Putra Mahkota Saudi Mohammed bin Salman telah mengundang para pemimpin negara-negara Teluk Arab, Mesir dan Yordania untuk pertemuan di ibu kota, Riyadh, menurut kantor berita pemerintah Saudi SPA.
Pertemuan tersebut tidak resmi dan akan diadakan dalam “kerangka hubungan persaudaraan dekat yang mempertemukan para pemimpin”, SPA menambahkan.
Rencana Donald Trump telah menyatukan negara-negara Arab yang beroposisi, tetapi masih terjadi perselisihan mengenai siapa yang harus memerintah daerah kantong itu dan bagaimana mendanai pembangunannya kembali.
Umer Karim, seorang pakar kebijakan luar negeri Saudi, menyebut pertemuan puncak tersebut sebagai “yang paling penting” dalam beberapa dekade bagi dunia Arab dan masalah Palestina.
Donald Trump memicu kemarahan global ketika ia mengusulkan agar AS “mengambil alih Jalur Gaza” dan memindahkan 2,4 juta penduduknya ke negara tetangga Mesir dan Yordania.
"Mengenai aksi bersama Arab dan keputusan yang dikeluarkan terkait hal itu, hal itu akan menjadi agenda pertemuan puncak darurat Arab mendatang yang akan diselenggarakan di Republik Arab Mesir," kata SPA, merujuk pada rencana pertemuan puncak darurat pada tanggal 4 Maret untuk membahas Israel dan Palestina.
Saat bertemu Donald Trump di Washington pada 11 Februari, Raja Yordania Abdullah II mengatakan Mesir akan menyampaikan rencana untuk jalan ke depan.
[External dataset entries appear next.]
(* Let $P$ be a finite poset with a partition $P=P^*\sqcup C\sqcup O$ into marked, chain and order elements, where $\min(P)\subseteq P^*$. Let $\mathcal{I}=(I_0,\dots,I_{k-1})\in\mathfrak{I}(P^* )$ and $\lambda,\mu\in\mathcal{L}(P^*,\mathcal{I})$. Then \[\mathcal{O}_{C,O}(P,\lambda+\mu)=\mathcal{O}_{C,O}(P,\lambda)+\mathcal{O}_{C,O}(P,\mu).\] Furthermore, if $\lambda$ and $\mu$ are both integral, then \[\mathcal{O}^{\mathbb{Z}}_{C,O}(P,\lambda+\mu)=\mathcal{O}^{\mathbb{Z}}_{C,O}(P,\lambda)+\mathcal{O}^{\mathbb{Z}}_{C,O}(P,\mu).\]
   Context: $p\prec q$ denotes a covering relation in $P$. For an order-preserving $\lambda\colon P^*\to\mathbb{R}$, the marked chain-order polyhedron $\mathcal{O}_{C,O}(P,\lambda)\subseteq\mathbb{R}^P$ is the set of all $\mathbf{x}=(x_p)_{p\in P}$ with: (1) $x_a=\lambda(a)$ for $a\in P^*$; (2) $x_p\ge 0$ for $p\in C$; (3) $x_{p_1}+\cdots+x_{p_r}\le x_b-x_a$ for every saturated chain $a\prec p_1\prec\cdots\prec p_r\prec b$ in $P$ with $a,b\in P^*\sqcup O$, all $p_i\in C$, $r\ge0$. $\mathcal{O}^{\mathbb{Z}}_{C,O}(P,\lambda)=\mathcal{O}_{C,O}(P,\lambda)\cap\mathbb{Z}^P$; Minkowski sums are denoted by $+$. $\mathfrak{I}(P^* )$ is the set of chains $\varnothing\ne I_0\subsetneq I_1\subsetneq\cdots\subsetneq I_{k-1}\ne P^*$ of order ideals of the poset $P^*$ (with $k\ge 1$; the empty chain with $k=1$... i.e. any such chain, possibly of length zero); set $I_{-1}=\varnothing$, $I_k=P^*$. For $\mathcal{I}\in\mathfrak{I}(P^* )$, $\mathcal{L}(P^*,\mathcal{I})$ is the set of order-preserving maps $f\colon P^*\to\mathbb{R}$ that are constant on each $I_j\setminus I_{j-1}$ ($j=0,\dots,k$) and satisfy $f(I_0\setminus I_{-1})\le f(I_1\setminus I_0)\le\cdots\le f(I_k\setminus I_{k-1})$. A marking is integral if it takes values in $\mathbb{Z}$. *)

From HB Require Import structures.
From mathcomp Require Import all_boot all_order all_algebra.
From mathcomp Require Import reals.
Set Implicit Arguments. Unset Strict Implicit. Unset Printing Implicit Defensive.
Import Order.TTheory GRing.Theory Num.Theory.
Local Open Scope ring_scope.

Section Defs.
Variables (d : Order.disp_t) (T : finPOrderType d) (R : realType).

Definition covers (p q : T) : bool :=
  (p < q)%O && [forall c : T, ~~ ((p < c)%O && (c < q)%O)].

Definition is_minimal (p : T) : bool := [forall q : T, ~~ (q < p)%O].

Definition marked_partition (Pstar C O : {set T}) : Prop :=
  [/\ [disjoint Pstar & C], [disjoint Pstar & O], [disjoint C & O],
      Pstar :|: C :|: O = [set: T] &
      (forall p : T, is_minimal p -> p \in Pstar)].

Definition MCO (Pstar C O : {set T}) (lam : T -> R) (x : T -> R) : Prop :=
  [/\ (forall a, a \in Pstar -> x a = lam a),
      (forall p, p \in C -> 0 <= x p) &
      (forall (a b : T) (ps : seq T),
          a \in Pstar :|: O -> b \in Pstar :|: O ->
          all (fun p => p \in C) ps ->
          path covers a (rcons ps b) ->
          \sum_(p <- ps) x p <= x b - x a)].

Definition integral_pt (x : T -> R) : Prop := forall p, x p \is a Num.int.

Definition MCOZ (Pstar C O : {set T}) (lam : T -> R) (x : T -> R) : Prop :=
  MCO Pstar C O lam x /\ integral_pt x.

Definition msum (A B : (T -> R) -> Prop) (x : T -> R) : Prop :=
  exists y z, [/\ A y, B z & x = (fun p => y p + z p)].

Definition ideal_in (Pstar I : {set T}) : bool :=
  (I \subset Pstar) &&
  [forall p : T, forall q : T,
     ((p \in Pstar) && (q \in I) && (p <= q)%O) ==> (p \in I)].

Definition ideal_chain (Pstar : {set T}) (Is : seq {set T}) : Prop :=
  [/\ sorted (fun A B : {set T} => A \proper B) Is,
      all (ideal_in Pstar) Is,
      set0 \notin Is & Pstar \notin Is].

(* Iext Is j = I_{j-1}, for j = 0..k+1 (I_{-1} = ∅, I_k = Pstar) *)
Definition Iext (Pstar : {set T}) (Is : seq {set T}) (j : nat) : {set T} :=
  nth Pstar (set0 :: Is) j.

(* block j = I_j \ I_{j-1}, j = 0..k *)
Definition block (Pstar : {set T}) (Is : seq {set T}) (j : nat) : {set T} :=
  Iext Pstar Is j.+1 :\: Iext Pstar Is j.

Definition order_pres_on (Pstar : {set T}) (f : T -> R) : Prop :=
  forall p q, p \in Pstar -> q \in Pstar -> (p <= q)%O -> f p <= f q.

Definition in_L (Pstar : {set T}) (Is : seq {set T}) (f : T -> R) : Prop :=
  [/\ order_pres_on Pstar f,
      (forall j p q, (j <= size Is)%N ->
          p \in block Pstar Is j -> q \in block Pstar Is j -> f p = f q) &
      (forall j p q, (j < size Is)%N ->
          p \in block Pstar Is j -> q \in block Pstar Is j.+1 -> f p <= f q)].

End Defs.

(** Fix [x] in the polyhedron marked by [lam + mu].  The transfer map sends [x]
    to a point [h] of the marked order polyhedron: [h = x] off the chain
    elements, and on a chain element [p] the value [h p] is the largest sum of
    [x] along a saturated chain from a marked or order element up to [p].  For
    every nondecreasing [g], pulling [g \o h] back along the inverse transfer
    map gives a point of the chain-order polyhedron marked by
    [g \o (lam + mu)].  As [lam] and [mu] are constant on the blocks of the
    ideal chain and nondecreasing from block to block, they are comonotone, so
    some [psi] with [psi] and [id - psi] nondecreasing satisfies
    [psi (lam a + mu a) = mu a] on marked elements; the pullbacks along
    [id - psi] and [psi] then lie in the polyhedra for [lam] and [mu] and add
    up to [x].  For integral data [psi] maps integers to integers, which keeps
    both summands integral. *)
From HB Require Import structures.
From mathcomp Require Import all_boot all_order all_algebra.
From mathcomp Require Import reals.
From mathcomp Require classical_sets boolp.
From mathcomp Require Import lra.
Import Order.TTheory GRing.Theory Num.Theory.
Local Open Scope ring_scope.
Set Implicit Arguments. Unset Strict Implicit. Unset Printing Implicit Defensive.

#[local] Arguments covers {d T} p q.

Lemma sup_int_mem (R : realType) (E : classical_sets.set R) :
  (exists v, E v) -> classical_sets.has_ubound E ->
  (forall v, E v -> v \is a Num.int) -> E (sup E).
Proof.
move=> E0 ubE Eint; have supE : classical_sets.has_sup E by [].
have [e Ee sup_lt_e] := sup_adherent ltr01 supE.
suff -> : sup E = e by [].
apply/le_anti; rewrite (sup_upper_bound supE) // andbT.
apply: ge_sup => // v Ev; rewrite leNgt; apply/negP => e_lt_v.
have : 1 <= `|v - e| by rewrite norm_intr_ge1 ?rpredB ?Eint // subr_eq0 gt_eqF.
rewrite gtr0_norm ?subr_gt0 // => e1_le_v.
have := sup_upper_bound supE Ev; lra.
Qed.

Section Covers.
Variables (d : Order.disp_t) (T : finPOrderType d).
Sumber keamanan Saudi mengatakan pembicaraan tersebut akan membahas “salah satu versi rencana Mesir” yang disebutkan raja.
Jalur politik baru?
Membangun kembali Gaza akan menjadi isu utama, setelah Donald Trump mengutip kebutuhan rekonstruksi sebagai pembenaran untuk merelokasi penduduknya.
Kairo belum mengumumkan inisiatifnya, tetapi mantan diplomat Mesir Mohamed Hegazy menguraikan rencana tersebut “dalam tiga fase teknis selama periode tiga hingga lima tahun”.
Tahap pertama, yang berlangsung selama enam bulan, akan difokuskan pada “pemulihan dini”, kata Hegazy, anggota Dewan Urusan Luar Negeri Mesir, sebuah lembaga pemikir yang memiliki hubungan kuat dengan kalangan pembuat keputusan di Kairo.
“Mesin berat akan didatangkan untuk membersihkan puing-puing, sementara zona aman akan ditetapkan di Gaza untuk merelokasi penduduk sementara,” kata Hegazy.
Tahap kedua akan memerlukan konferensi internasional untuk memberikan rincian rekonstruksi dan akan berfokus pada pembangunan kembali infrastruktur utilitas, katanya.
“Tahap akhir akan mengawasi perencanaan perkotaan Gaza, pembangunan unit perumahan, dan penyediaan layanan pendidikan dan kesehatan.”
Perserikatan Bangsa-Bangsa memperkirakan pada hari Selasa (18/2/2025) bahwa pembangunan kembali akan menelan biaya lebih dari $53 miliar, termasuk lebih dari $20 miliar dalam tiga tahun pertama.
Tahap terakhir, kata Hegazy, akan mencakup “peluncuran jalur politik untuk melaksanakan solusi dua negara dan agar ada … insentif untuk gencatan senjata yang berkelanjutan”. (*)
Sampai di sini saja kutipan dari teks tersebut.